■ YOUR ASSIGNMENT
From the first line to the last, write out the material exactly.

■ DATASET EXTRACT
Lemma norm_mul_sub_mul_le a a' b b' A B A' B' :
  `|a - a'| <= A -> `|b| <= B -> `|a'| <= A' -> `|b - b'| <= B' ->
  `|a * b - a' * b'| <= A * B + A' * B'.
Proof.
move=> aA bB aA' bB'.
have -> : a * b - a' * b' = (a - a') * b + a' * (b - b') by ring.
by apply: le_trans (ler_normD _ _) _; rewrite lerD// norm_mul_le.
Qed.

End norm_bounds.

Lemma first_order_expansion_le (R : realFieldType) (e x lam Del u1 u2 J1 J2 I M1 M2 : R) :
  x = lam * Del -> 0 <= e ->
  `|e - 1| <= x * e -> `|e - (1 + x)| <= x ^+ 2 * e ->
  `|u1| <= M1 -> `|u2| <= M2 ->
  `|Del * J1| <= M1 * x -> `|Del * J2| <= M2 * x -> `|Del * I| <= M1 * M2 * x ->
  `|e * ((u1 - Del * J1) * (u2 - Del * J2) + Del * I)
    - (u1 * u2 + Del * (I - u1 * J2 - u2 * J1 + lam * u1 * u2))|
  <= 5 * e * M1 * M2 * x ^+ 2.
Proof.
move=> xE e0 e1 e2 u1M u2M J1M J2M IM.
have -> : e * ((u1 - Del * J1) * (u2 - Del * J2) + Del * I)
    - (u1 * u2 + Del * (I - u1 * J2 - u2 * J1 + lam * u1 * u2)) =
  (e - (1 + x)) * (u1 * u2) - (e - 1) * (u1 * (Del * J2) + u2 * (Del * J1))
  + e * ((Del * J1) * (Del * J2)) + (e - 1) * (Del * I) by rewrite xE; ring.
have t1 := norm_mul_le e2 (norm_mul_le u1M u2M).
have t2 := norm_mul_le e1 (le_trans (ler_normD _ _)
  (lerD (norm_mul_le u1M J2M) (norm_mul_le u2M J1M))).
have eE : `|e| <= e by rewrite ger0_norm.
have t3 := norm_mul_le eE (norm_mul_le J1M J2M).
have t4 := norm_mul_le e1 IM.
have := ler_normD ((e - (1 + x)) * (u1 * u2) - (e - 1) * (u1 * (Del * J2) + u2 * (Del * J1))
  + e * ((Del * J1) * (Del * J2))) ((e - 1) * (Del * I)).
have := ler_normD ((e - (1 + x)) * (u1 * u2) - (e - 1) * (u1 * (Del * J2) + u2 * (Del * J1)))
  (e * ((Del * J1) * (Del * J2))).
have := ler_normB ((e - (1 + x)) * (u1 * u2)) ((e - 1) * (u1 * (Del * J2) + u2 * (Del * J1))).
rewrite expr2 in t1 *; lra.
Qed.

Section exponentially_dominated_series.
Variable R : realType.

Lemma exp_coeff_le_shift (x : R) m k : 0 <= x -> (m <= k)%N ->
  exp_coeff x k <= x ^+ m * exp_coeff x (k - m)%N.
Proof.
move=> x0 mk; rewrite /exp_coeff /= -{1}(subnKC mk) exprD -mulrA.
rewrite ler_wpM2l ?exprn_ge0// ler_wpM2l ?exprn_ge0//.
by rewrite lef_pV2 ?posrE ?ltr0n ?fact_gt0// ler_nat leq_fact// leq_subr.
Qed.

Lemma series_exp_coeff_le_expR (x : R) n : 0 <= x -> series (exp_coeff x) n <= expR x.
Proof.
move=> x0; apply: (nondecreasing_cvgn_le _ (is_cvg_series_exp_coeff x)).
by apply: nondecreasing_series => k _ _; exact: exp_coeff_ge0.
Qed.

Lemma series_1 (a : nat -> R) : series a 1 = a 0%N.
Proof. by rewrite /series /= big_nat1. Qed.

Lemma series_2 (a : nat -> R) : series a 2 = a 0%N + a 1%N.
Proof. by rewrite seriesSr series_1. Qed.

Variables (a : nat -> R) (B x : R).
Hypotheses (x_ge0 : 0 <= x) (a_le : forall k, `|a k| <= B * exp_coeff x k).

Lemma norm_series_sub_le m n : (m <= n)%N ->
  `|series a n - series a m| <= B * x ^+ m * expR x.
Proof.
move=> mn; rewrite sub_series_geq//.
have B0 : 0 <= B.
  by have := a_le 0%N; rewrite /exp_coeff /= expr0 divr1 mulr1; apply: le_trans.
apply: (le_trans (ler_norm_sum _ _ _)).
apply: (@le_trans _ _ (\sum_(m <= k < n) B * (x ^+ m * exp_coeff x (k - m)%N))).
  apply: ler_sum_nat => k /andP[mk _].
  by apply: le_trans (a_le k) _; rewrite ler_wpM2l// exp_coeff_le_shift.
rewrite -big_distrr -big_distrr /= -mulrA ler_wpM2l// ler_wpM2l ?exprn_ge0//.
rewrite -{1}(add0n m) big_addn.
under eq_bigr do rewrite addnK.
exact: series_exp_coeff_le_expR.
Qed.

Lemma is_cvg_series_exp_dominated : cvgn (series a).
Proof.
apply: normed_cvg.
apply: (@series_le_cvg _ _ (fun k => B * exp_coeff x k)).
- by move=> n; exact: normr_ge0.
- by move=> n; exact: le_trans (normr_ge0 _) (a_le n).
- exact: a_le.
- exact: (@is_cvg_seriesZ _ _ B (is_cvg_series_exp_coeff x)).
Qed.

Lemma norm_rseries_sub_series_le m :
  `|rseries a - series a m| <= B * x ^+ m * expR x.
Proof.
have tail : \forall n \near \oo, `|series a n - series a m| <= B * x ^+ m * expR x.
  by near=> n; apply: norm_series_sub_le; near: n; exists m.
rewrite ler_distl; apply/andP; split.
- apply: limr_ge; first exact: is_cvg_series_exp_dominated.
  by apply: filterS tail => n; rewrite ler_distl => /andP[].
- apply: limr_le; first exact: is_cvg_series_exp_dominated.
  by apply: filterS tail => n; rewrite ler_distl => /andP[].
Unshelve. all: by end_near.
Qed.

End exponentially_dominated_series.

■ ANSWER SPACE
Lemma norm_mul_sub_mul_le a a' b b' A B A' B' :
  `|a - a'| <= A -> `|b| <= B -> `|a'| <= A' -> `|b - b'| <= B' ->
  `|a * b - a' * b'| <= A * B + A' * B'.
Proof.
move=> aA bB aA' bB'.
have -> : a * b - a' * b' = (a - a') * b + a' * (b - b') by ring.
by apply: le_trans (ler_normD _ _) _; rewrite lerD// norm_mul_le.
Qed.

End norm_bounds.

Lemma first_order_expansion_le (R : realFieldType) (e x lam Del u1 u2 J1 J2 I M1 M2 : R) :
  x = lam * Del -> 0 <= e ->
  `|e - 1| <= x * e -> `|e - (1 + x)| <= x ^+ 2 * e ->
  `|u1| <= M1 -> `|u2| <= M2 ->
  `|Del * J1| <= M1 * x -> `|Del * J2| <= M2 * x -> `|Del * I| <= M1 * M2 * x ->
  `|e * ((u1 - Del * J1) * (u2 - Del * J2) + Del * I)
    - (u1 * u2 + Del * (I - u1 * J2 - u2 * J1 + lam * u1 * u2))|
  <= 5 * e * M1 * M2 * x ^+ 2.
Proof.
move=> xE e0 e1 e2 u1M u2M J1M J2M IM.
have -> : e * ((u1 - Del * J1) * (u2 - Del * J2) + Del * I)
    - (u1 * u2 + Del * (I - u1 * J2 - u2 * J1 + lam * u1 * u2)) =
  (e - (1 + x)) * (u1 * u2) - (e - 1) * (u1 * (Del * J2) + u2 * (Del * J1))
  + e * ((Del * J1) * (Del * J2)) + (e - 1) * (Del * I) by rewrite xE; ring.
have t1 := norm_mul_le e2 (norm_mul_le u1M u2M).
have t2 := norm_mul_le e1 (le_trans (ler_normD _ _)
  (lerD (norm_mul_le u1M J2M) (norm_mul_le u2M J1M))).
have eE : `|e| <= e by rewrite ger0_norm.
have t3 := norm_mul_le eE (norm_mul_le J1M J2M).
have t4 := norm_mul_le e1 IM.
have := ler_normD ((e - (1 + x)) * (u1 * u2) - (e - 1) * (u1 * (Del * J2) + u2 * (Del * J1))
  + e * ((Del * J1) * (Del * J2))) ((e - 1) * (Del * I)).
have := ler_normD ((e - (1 + x)) * (u1 * u2) - (e - 1) * (u1 * (Del * J2) + u2 * (Del * J1)))
  (e * ((Del * J1) * (Del * J2))).
have := ler_normB ((e - (1 + x)) * (u1 * u2)) ((e - 1) * (u1 * (Del * J2) + u2 * (Del * J1))).
rewrite expr2 in t1 *; lra.
Qed.

Section exponentially_dominated_series.
Variable R : realType.

Lemma exp_coeff_le_shift (x : R) m k : 0 <= x -> (m <= k)%N ->
  exp_coeff x k <= x ^+ m * exp_coeff x (k - m)%N.
Proof.
move=> x0 mk; rewrite /exp_coeff /= -{1}(subnKC mk) exprD -mulrA.
rewrite ler_wpM2l ?exprn_ge0// ler_wpM2l ?exprn_ge0//.
by rewrite lef_pV2 ?posrE ?ltr0n ?fact_gt0// ler_nat leq_fact// leq_subr.
Qed.

Lemma series_exp_coeff_le_expR (x : R) n : 0 <= x -> series (exp_coeff x) n <= expR x.
Proof.
move=> x0; apply: (nondecreasing_cvgn_le _ (is_cvg_series_exp_coeff x)).
by apply: nondecreasing_series => k _ _; exact: exp_coeff_ge0.
Qed.

Lemma series_1 (a : nat -> R) : series a 1 = a 0%N.
Proof. by rewrite /series /= big_nat1. Qed.

Lemma series_2 (a : nat -> R) : series a 2 = a 0%N + a 1%N.
Proof. by rewrite seriesSr series_1. Qed.

Variables (a : nat -> R) (B x : R).
Hypotheses (x_ge0 : 0 <= x) (a_le : forall k, `|a k| <= B * exp_coeff x k).

Lemma norm_series_sub_le m n : (m <= n)%N ->
  `|series a n - series a m| <= B * x ^+ m * expR x.
Proof.
move=> mn; rewrite sub_series_geq//.
have B0 : 0 <= B.
  by have := a_le 0%N; rewrite /exp_coeff /= expr0 divr1 mulr1; apply: le_trans.
apply: (le_trans (ler_norm_sum _ _ _)).
apply: (@le_trans _ _ (\sum_(m <= k < n) B * (x ^+ m * exp_coeff x (k - m)%N))).
  apply: ler_sum_nat => k /andP[mk _].
  by apply: le_trans (a_le k) _; rewrite ler_wpM2l// exp_coeff_le_shift.
rewrite -big_distrr -big_distrr /= -mulrA ler_wpM2l// ler_wpM2l ?exprn_ge0//.
rewrite -{1}(add0n m) big_addn.
under eq_bigr do rewrite addnK.
exact: series_exp_coeff_le_expR.
Qed.

Lemma is_cvg_series_exp_dominated : cvgn (series a).
Proof.
apply: normed_cvg.
apply: (@series_le_cvg _ _ (fun k => B * exp_coeff x k)).
- by move=> n; exact: normr_ge0.
- by move=> n; exact: le_trans (normr_ge0 _) (a_le n).
- exact: a_le.
- exact: (@is_cvg_seriesZ _ _ B (is_cvg_series_exp_coeff x)).
Qed.

Lemma norm_rseries_sub_series_le m :
  `|rseries a - series a m| <= B * x ^+ m * expR x.
Proof.
have tail : \forall n \near \oo, `|series a n - series a m| <= B * x ^+ m * expR x.
  by near=> n; apply: norm_series_sub_le; near: n; exists m.
rewrite ler_distl; apply/andP; split.
- apply: limr_ge; first exact: is_cvg_series_exp_dominated.
  by apply: filterS tail => n; rewrite ler_distl => /andP[].
- apply: limr_le; first exact: is_cvg_series_exp_dominated.
  by apply: filterS tail => n; rewrite ler_distl => /andP[].
Unshelve. all: by end_near.
Qed.

End exponentially_dominated_series.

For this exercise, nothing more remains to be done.